The one man who has given me comments on my work is my compadre, Feliciano. I probably mention Feliciano in every one of my chapters, I spent quite a lot of time with him during my fieldwork, and conversations with him guided the direction of my thesis. When I met Feliciano I felt like he was a godsend. He always had time to explain to me the history of the province (and his part in it), and to help me to join the dots a little in my research by suggesting to me other people I should talk to in other communities (I would often generally myself to them by telling them that Feliciano had suggested I look them up). He wasn't the only one who did this, though he more than anyone had a hand in directly my research in particular directions whilst I was still in the field. This, for me is collaboration in Anthropology. We also discussed working on a book together as a potential joint project.

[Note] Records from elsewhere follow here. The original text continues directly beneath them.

(* Let $\mathcal{A}$ be a complex Banach algebra with unity and let $a\in\mathcal{A}$. If $x\in\mathcal{A}$ is a g$\pi$-Hirano inverse of $a$, then $a$ is generalized Drazin invertible and its generalized Drazin inverse is $a^{d}=x$.
   Context: An element $q\in\mathcal{A}$ is quasinilpotent if its spectrum is $\sigma(q)=\{0\}$; $\mathcal{A}^{qnil}$ denotes the set of quasinilpotent elements. An element $x\in\mathcal{A}$ is a generalized Drazin inverse of $a$ if $xax=x$, $ax=xa$ and $a-a^{2}x\in\mathcal{A}^{qnil}$; it is unique when it exists and is denoted $a^{d}$. An element $x\in\mathcal{A}$ is a g$\pi$-Hirano inverse of $a$ if $xax=x$, $ax=xa$ and $a-a^{n+2}x\in\mathcal{A}^{qnil}$ for some positive integer $n$. *)

From HB Require Import structures.
From mathcomp Require Import all_boot all_order all_algebra.
From mathcomp Require Import classical_sets.
From mathcomp Require Import complex.
Set Implicit Arguments. Unset Strict Implicit. Unset Printing Implicit Defensive.
Import Order.TTheory GRing.Theory Num.Theory.
Local Open Scope classical_set_scope.
Local Open Scope ring_scope.

(* The norm is an explicit operation (mathcomp-analysis has no
   normed-ring structure and HB forbids joining its normed modules with
   GRing.UnitRing), with all the usual axioms: a norm on the K-vector space A,
   submultiplicative, with ||1|| = 1, and A complete for it (every Cauchy
   sequence converges). *)
HB.mixin Record isBanachAlgebra (K : numFieldType) (A : Type)
  of GRing.UnitAlgebra K A := {
  bnorm : A -> K ;
  bnorm_ge0 : forall x : A, 0 <= bnorm x ;
  bnorm_eq0 : forall x : A, bnorm x = 0 -> x = 0 ;
  bnormZ : forall (k : K) (x : A), bnorm (k *: x) = `|k| * bnorm x ;
  bnormD : forall x y : A, bnorm (x + y) <= bnorm x + bnorm y ;
  bnormM : forall x y : A, bnorm (x * y) <= bnorm x * bnorm y ;
  bnorm1 : bnorm 1 = 1 ;
  bcomplete : forall u : nat -> A,
    (forall e : K, 0 < e -> exists N : nat, forall m n : nat,
        (N <= m)%N -> (N <= n)%N -> bnorm (u m - u n) < e) ->
    exists l : A, forall e : K, 0 < e -> exists N : nat, forall n : nat,
        (N <= n)%N -> bnorm (u n - l) < e
}.

#[short(type="banachAlgType")]
HB.structure Definition BanachAlgebra (K : numFieldType) :=
  { A of isBanachAlgebra K A & GRing.UnitAlgebra K A }.

Section Defs.
Variables (K : numFieldType) (A : banachAlgType K).

Definition spectrum (a : A) : set K := [set l | ~ (l%:A - a \is a GRing.unit)].

Definition quasinilpotent (q : A) : Prop := spectrum q = [set 0].

Definition is_gdrazin_inverse (a x : A) : Prop :=
  [/\ x * a * x = x, a * x = x * a & quasinilpotent (a - a ^+ 2 * x)].

Definition gdrazin_invertible (a : A) : Prop := exists x, is_gdrazin_inverse a x.

Definition is_gpi_hirano_inverse (a x : A) : Prop :=
  [/\ x * a * x = x, a * x = x * a &
      exists n : nat, (0 < n)%N /\ quasinilpotent (a - a ^+ (n + 2) * x)].
End Defs.

From HB Require Import structures.
From mathcomp Require Import all_boot all_order all_algebra.
From mathcomp Require Import classical_sets reals.
From mathcomp Require Import complex.
Set Implicit Arguments.
Unset Strict Implicit.
Import Order.TTheory GRing.Theory Num.Theory.
Local Open Scope ring_scope.

(* The idempotent p := a x commutes with a, and x (1 - p) = 0, so that
   a - a^2 x = (a - a^(n+2) x) (1 - p) for every n.  It remains to see that
   q (1 - p) is quasinilpotent whenever q is and p is an idempotent commuting
   with q: for l <> 0, l - q (1 - p) = (l - q) (1 - p) + l p is invertible,
   its inverse being computed blockwise in the Peirce decomposition along p;
   and q (1 - p) is not invertible, since it kills p, which would force p = 0
   and q invertible. *)

Section PeirceDecomposition.
Variables (R : unitRingType) (p : R).
Hypothesis p_idem : p * p = p.

Lemma mul_complement_idem : (1 - p) * p = 0.
Proof. by rewrite mulrBl mul1r p_idem subrr. Qed.

Lemma mul_idem_complement : p * (1 - p) = 0.
Proof. by rewrite mulrBr mulr1 p_idem subrr. Qed.

Lemma complement_idem : (1 - p) * (1 - p) = 1 - p.
Proof. by rewrite mulrBr mulr1 mul_complement_idem subr0. Qed.

Lemma commr_complement_idem (y : R) : GRing.comm y p -> GRing.comm y (1 - p).
Proof. by move=> yp; apply: commrB; [apply: commr1 | apply: yp]. Qed.

Lemma mulr_peirce (u v u' v' : R) : GRing.comm u' p -> GRing.comm v' p ->
  (u * (1 - p) + v * p) * (u' * (1 - p) + v' * p)
  = u * u' * (1 - p) + v * v' * p.
Proof.
move=> u'p v'p.
have u'P := commr_complement_idem u'p; have v'P := commr_complement_idem v'p.
move: u'P v'P complement_idem mul_complement_idem mul_idem_complement.
move: (1 - p) => P u'P v'P PP Pp pP.
rewrite mulrDl !mulrDr -!mulrA (mulrA P u') (mulrA P v') (mulrA p u') (mulrA p v').
by rewrite -u'P -v'P -u'p -v'p -!mulrA PP Pp pP p_idem !mulr0 addr0 add0r !mulrA.
Qed.

Lemma unitr_peirce (u v : R) : GRing.comm u p -> GRing.comm v p ->
  u \is a GRing.unit -> v \is a GRing.unit -> u * (1 - p) + v * p \is a GRing.unit.
Proof.
move=> up vp Uu Uv; apply/unitrP; exists (u^-1 * (1 - p) + v^-1 * p).
have u'p : GRing.comm u^-1 p by apply/commr_sym/commrV/commr_sym.
have v'p : GRing.comm v^-1 p by apply/commr_sym/commrV/commr_sym.
rewrite !mulr_peirce // mulrV // mulVr // mulrV // mulVr //.
by rewrite !mul1r subrK.
Qed.

End PeirceDecomposition.

Section Quasinilpotent.
Variables (K : numFieldType) (A : banachAlgType K).

Lemma quasinilpotentP (q : A) : quasinilpotent q <->
  q \isn't a GRing.unit /\ forall l, l != 0 -> l%:A - q \is a GRing.unit.
Proof.
have spec0 : spectrum q 0 <-> q \isn't a GRing.unit.
  by rewrite /spectrum /= scale0r sub0r unitrN; split=> /negP.
split=> [qnil | [Nq Uq]].
  have specE l : spectrum q l <-> l = 0 by rewrite qnil.
  split; first exact/spec0/specE.
  by move=> l l0; apply/negPn/negP => /negP /specE /eqP; rewrite (negPf l0).
apply/seteqP; split=> l /=.
  by apply: contraPeq => /Uq Ul; apply.
by move=> ->; apply/spec0.
Qed.

Lemma quasinilpotentM_complement_idem (q p : A) : p * p = p -> GRing.comm q p ->
  quasinilpotent q -> quasinilpotent (q * (1 - p)).
Proof.
move=> p_idem qp /quasinilpotentP [Nq Uq]; apply/quasinilpotentP; split.
  apply: contra Nq => Uq1p.
  have p0 : p = 0.
    by apply: (mulrI Uq1p); rewrite -mulrA mul_complement_idem // !mulr0.
  by rewrite p0 subr0 mulr1 in Uq1p.
move=> l l0.
have -> : l%:A - q * (1 - p) = (l%:A - q) * (1 - p) + l%:A * p.
  by rewrite mulrBl addrAC -mulrDr subrK mulr1.
apply: unitr_peirce => //.
- by apply/commr_sym/commrB; apply/commr_sym => //; apply: comm_alg.
- exact: comm_alg.
- exact: Uq.
- by rewrite scaler_unit ?unitr1 ?unitfE.
Qed.

End Quasinilpotent.

Section InnerInverse.
Variables (R : pzRingType) (a x : R).
Hypotheses (xax : x * a * x = x) (ax : a * x = x * a).

Lemma mul_inner_idem : (a * x) * (a * x) = a * x.
Proof. by rewrite mulrA -(mulrA a x a) -(mulrA a) xax. Qed.

Lemma commr_residual_inner (n : nat) : GRing.comm (a - a ^+ n * x) (a * x).
Proof.
have pa := commr_sym (commrM (commr_refl a) ax).
have px := commr_sym (commrM (commr_sym ax) (commr_refl x)).
by apply/commr_sym/commrB; [exact: pa | exact: commrM (commrX n pa) px].
Qed.

Lemma gdrazin_residual_factor (n : nat) :
  a - a ^+ 2 * x = (a - a ^+ (n + 2) * x) * (1 - a * x).
Proof.
rewrite mulrBr mulr1 mulrBl -(mulrA (a ^+ (n + 2))) (mulrA x a x) xax.
by rewrite opprB addrA subrK expr2 mulrA.
Qed.

End InnerInverse.

Theorem proposition2p1 (R : realType) (A : banachAlgType R[i]) (a x : A) :
  is_gpi_hirano_inverse a x ->
  gdrazin_invertible a /\ is_gdrazin_inverse a x.
Proof.
case=> xax ax [n [_ qnil]].
suff gd : is_gdrazin_inverse a x by split=> //; exists x.
split=> //; rewrite (gdrazin_residual_factor xax n).
apply: quasinilpotentM_complement_idem qnil.
- exact: mul_inner_idem xax.
- exact: commr_residual_inner ax (n + 2)%N.
Qed.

The collaborative aspect to my research has at times led me to feel a sense of guilt that I was using the knowledge of others to further my academic career. At times this point would be made to me by others in my fieldwork. There are moments I remember when I would be enjoying the company of friends in the field and then would take out my notebook to note down something interesting that they had said, and would see their discomfort. Worse, I might ask to take a photo, and would be surprised to be told - sometimes by someone I was friendly with - that I should pay (this was infrequent, but not uncommon) because I would use it in my thesis and therefore make money from it myself. At the time I laughed at the idea - writing up seemed so far off - but now as I put those photos in my thesis I feel I understand. The Kallawayas are used to anthropologists showing up periodically, staying a while, a year or two, perhaps returning, and making academic careers from writing about aspects of their culture. It was made clear to me (even before I met the Kallawayas) that many of them view the anthropologists who have worked in Kallawaya communities in a particularly negative light. They seem to regard anthropologists as engaging in a kind of intellectual or cultural theft. This has contributed to my own sense of guilt regarding my use of the material I had gathered from fieldwork. In the Andes the concept of ayni (reciprocity) is important in all aspects of life. It has been expressed to me by people in met in my fieldwork that through my research I was "taking" something, and that I had to give something back. I feel that debt as something which somehow, at some point I have to repay.

Once I returned to the university the collaborative aspect soon felt lost for me. All I had were my notes. I think it took me six months to write anything decent because of the sense of academic guilt which I felt that I had left those collaborative relationships and was taking advantage of the material gathered in fieldwork to write my thesis for what felt like my own benefit. I tried calling several friends I had met in fieldwork and found it difficult to get through to them, and soon lost touch. However, after a year back at university I managed to acquire Feliciano's phone number and was able to send him drafts of my chapters to look at. I feel like I am sending a treasured pet out into the wild to fend for itself when I send him the drafts to read. Although he has now seen two chapters and a paper which I have written, and given me positive feedback on them, I still feel an enormous sense of trepidation at sending Feliciano translations of the next chapters. What happens if he doesn't like or disagrees with a chapter, and I am left wondering whether I should re-write aspects? Perhaps that is why it is brave!